Photo par Sarah Steben
Tu es une artiste accomplie en danse, mais tu fais beaucoup plus que de la danse. Tu es aussi motivatrice, propriétaire d’un studio, enseignante et animatrice du podcast Dance Plug. Que signifient pour toi toutes ses différentes facettes de ton travail et de ton expérience artistique ?
Tu viens de le nommer. Je peux m’adapter à plus d’un contexte. Je suis sincèrement inspirée par tant de choses, que je cherche toujours à définir mon art de plusieurs manières. Tu te retrouves en train de créer des endroits qui n’existent pas encore, lorsque tu es constamment attiré sur les chemins les moins fréquentés. Je me sens choyée de vivre une telle existence. J’espère que je peux être un exemple pour certain.e.s au sein de la communauté afin de leur rappeler qu’il est important de reconnaître leur unicité et de tracer leur propre parcours. Il n’y a aucune obligation de suivre ce que les autres font de cette forme d’art. Nous sommes chacun.e sur notre propre chemin, conduisant sur notre propre voie, parcourant la route la moins fréquentée.
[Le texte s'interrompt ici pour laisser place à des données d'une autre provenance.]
(* Let $A>0$ be fixed. For $X$ large set $\rho=e^{-1/X}$, $Q=(\log X)^A$ and $\delta_q=q^{-1}X^{-1}(\log X)^A$. For $1\le a\le q\le Q$ with $(a,q)=1$ let $\mathfrak{M}(q,a)=\big(\frac aq-\delta_q,\frac aq+\delta_q\big)$, let $\mathfrak{M}$ be the union of all these intervals, and let $\mathfrak{m}=[-\frac12,\frac12)\setminus\mathfrak{M}$ (arcs understood modulo $1$). Then for $\theta\in\mathfrak{m}$, \[ \Phi_{|\mu|}(\rho\operatorname{e}(\theta))\ll_A X(\log X)^{10-A/4}. \]
   Context: $\operatorname{e}(x)=\exp(2\pi i x)$; $\mu$ is the Möbius function; for $|z|<1$, $\Phi_{|\mu|}(z):=\sum_{j=1}^\infty\sum_{n=1}^\infty\frac{|\mu(n)|}{j}z^{jn}$ (so that $\prod_{n\ge1}(1-z^n)^{-|\mu(n)|}=\exp(\Phi_{|\mu|}(z))$). $\ll_A$ means the implied constant may depend on $A$. *)

From mathcomp Require Import ssreflect ssrbool ssrnat eqtype seq prime.
From Stdlib Require Import ZArith.

(* Moebius function mu : nat -> Z  (mu 0 := 0 by convention; unused). *)
Definition mobius (n : nat) : Z :=
  if n == 0%N then 0%Z
  else if all (fun p => logn p n == 1%N) (primes n)
       then ((-1) ^ Z.of_nat (size (primes n)))%Z
       else 0%Z.

From Stdlib Require Import Reals.
From Coquelicot Require Import Coquelicot.
Open Scope R_scope.

Definition abs_mobius (n : nat) : R := Rabs (IZR (mobius n)).

Definition e_ (x : R) : C := (cos (2 * PI * x), sin (2 * PI * x)).

Definition Phi_term (z : C) (j n : nat) : C :=
  scal (abs_mobius n / INR j) (pow_n z (j * n)).

(* Phi_{|mu|}(z) = sum_{j>=1} sum_{n>=1} |mu(n)|/j z^{jn}, computed
   componentwise (Coquelicot's Series is real-valued). *)
Definition Phi_absmu (z : C) : C :=
  (Series (fun j => Series (fun n => fst (Phi_term z (S j) (S n)))),
   Series (fun j => Series (fun n => snd (Phi_term z (S j) (S n))))).

(* major arcs: theta lies (mod 1) within delta_q of some a/q,
   1 <= a <= q <= Q, gcd(a,q)=1, with Q = (log X)^A, delta_q = (log X)^A/(qX) *)
Definition in_major_arcs (A X theta : R) : Prop :=
  exists (q a : nat) (k : Z),
    (1 <= a)%coq_nat /\ (a <= q)%coq_nat /\ INR q <= Rpower (ln X) A /\
    Nat.gcd a q = 1%nat /\
    Rabs (theta - (INR a / INR q + IZR k)) < Rpower (ln X) A / (INR q * X).

Definition in_minor_arcs (A X theta : R) : Prop :=
  -(1/2) <= theta /\ theta < 1/2 /\ ~ in_major_arcs A X theta.

(* Since |mu(n)| = sum_{d^2 | n} mu(d), for w = z^j
     sum_n |mu(n)| w^n = sum_d mu(d) sum_m w^(d^2 m),
   so each inner series of Phi_{|mu|}(z), z = rho e(theta), is a combination of
   geometric sums in v = z^(j d^2), and such a sum is at most 2 |v| / |1 - v|.
   If j d^2 <= (log X)^A, the minor-arc hypothesis keeps j d^2 theta at distance at
   least (log X)^A / X from the integers, so |1 - v| >= (log X)^A / X; in any case
   |v| = exp (- j d^2 / X) gives the bound 2 X / (j d^2).  Using the first bound for
   j, d <= T = floor ((log X)^(A/4)) (so that j d^2 <= T^3 <= (log X)^A) and the
   second one otherwise, the factor 1/j and the convergence of sum 1/(j d)^2 give
     Phi_{|mu|}(rho e(theta)) <= 2 X T^2 / (log X)^A + 16 X / (T + 1)
                              << X (log X)^(-A/4). *)

From Stdlib Require Import Reals Lra Lia ZArith.
From Coquelicot Require Import Coquelicot.
From mathcomp Require Import ssreflect ssrbool ssrnat eqtype seq div prime zify.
Cette année, tu as démarré Project Re, une organisation à but non lucratif vouée à une réorientation du milieu de la danse à travers la reconnaissance des différences, pour l’inclusion et le respect. Qu’est-ce qui t’a amené à démarrer Project Re ?
Il y a plusieurs types de problèmes dans le milieu de la danse qui m’ont conduit vers Project Re. Des comportements manipulateurs peuvent prendre plusieurs formes. Ils peuvent même sembler gentils et attachants. J’encourage les jeunes danseuses et danseurs à remettre en question ce qui ne va pas le plus possible, surtout si une situation leur donne l’impression de ne pas être en paix avec leurs sentiments. C’est à ça que sert notre instinct. Si quelque chose semble étrange, on ne devrait pas l’ignorer.
Prenons en considération les scénarios problématiques suivants: Un.e chorégraphe te demande de rester seul.e tard le soir après une répétition. Un.e enseignant.e attaque continuellement ton image corporelle, tes habitudes alimentaires ou tes capacités mentales. Un.e mentor.e pousse votre relation au niveau physique ou sexuel. Ton instinct devrait être en état d’alerte et tu devrais parler avec quelqu’un en qui tu as confiance.
Souvent, de jeunes artistes ne dénonceront pas ce genre de situations lorsqu’elles surviennent, parce qu’il y a une confusion entre manipulation et amour. Elles et ils croient que c’est ainsi que l’on doit être traité quand quelqu’un se soucie de nous. Et quand ces artistes commencent à travailler dans le milieu, elles et ils ne dénonceront souvent pas non plus, à cause de la peur de voir leur carrière détruite. En vérité, quand nous acceptons ce genre de situations et de comportements, nous encourageons cet affreux récit à se poursuivre. On devient impuissant. Si nous nous donnons la permission de dire NON, nous devenons en mesure de changer l’histoire pour le mieux. C’est difficile à faire, en particulier dans les milieux qui ont des problèmes systémiques. C’est incroyablement facile de se cacher derrière l’assertion que « c’est comme ça dans le milieu ». Project Re, c’est la possibilité d’offrir un endroit sécuritaire vers qui se tourner pour se sentir supporté. Si tu trouves le courage de dénoncer, des actions seront déclenchées. Notre but n’est pas de réprimander ce qui est mauvais. Nous sommes ici pour célébrer les bons coups et s’assurer que ce soit ces danseur.se.s, chorégraphes, studios et compétitions qui soient sous les projecteurs. Plutôt que de diffamer ceux.celles qui font le mal, défendons celles.ceux qui font les choses correctement.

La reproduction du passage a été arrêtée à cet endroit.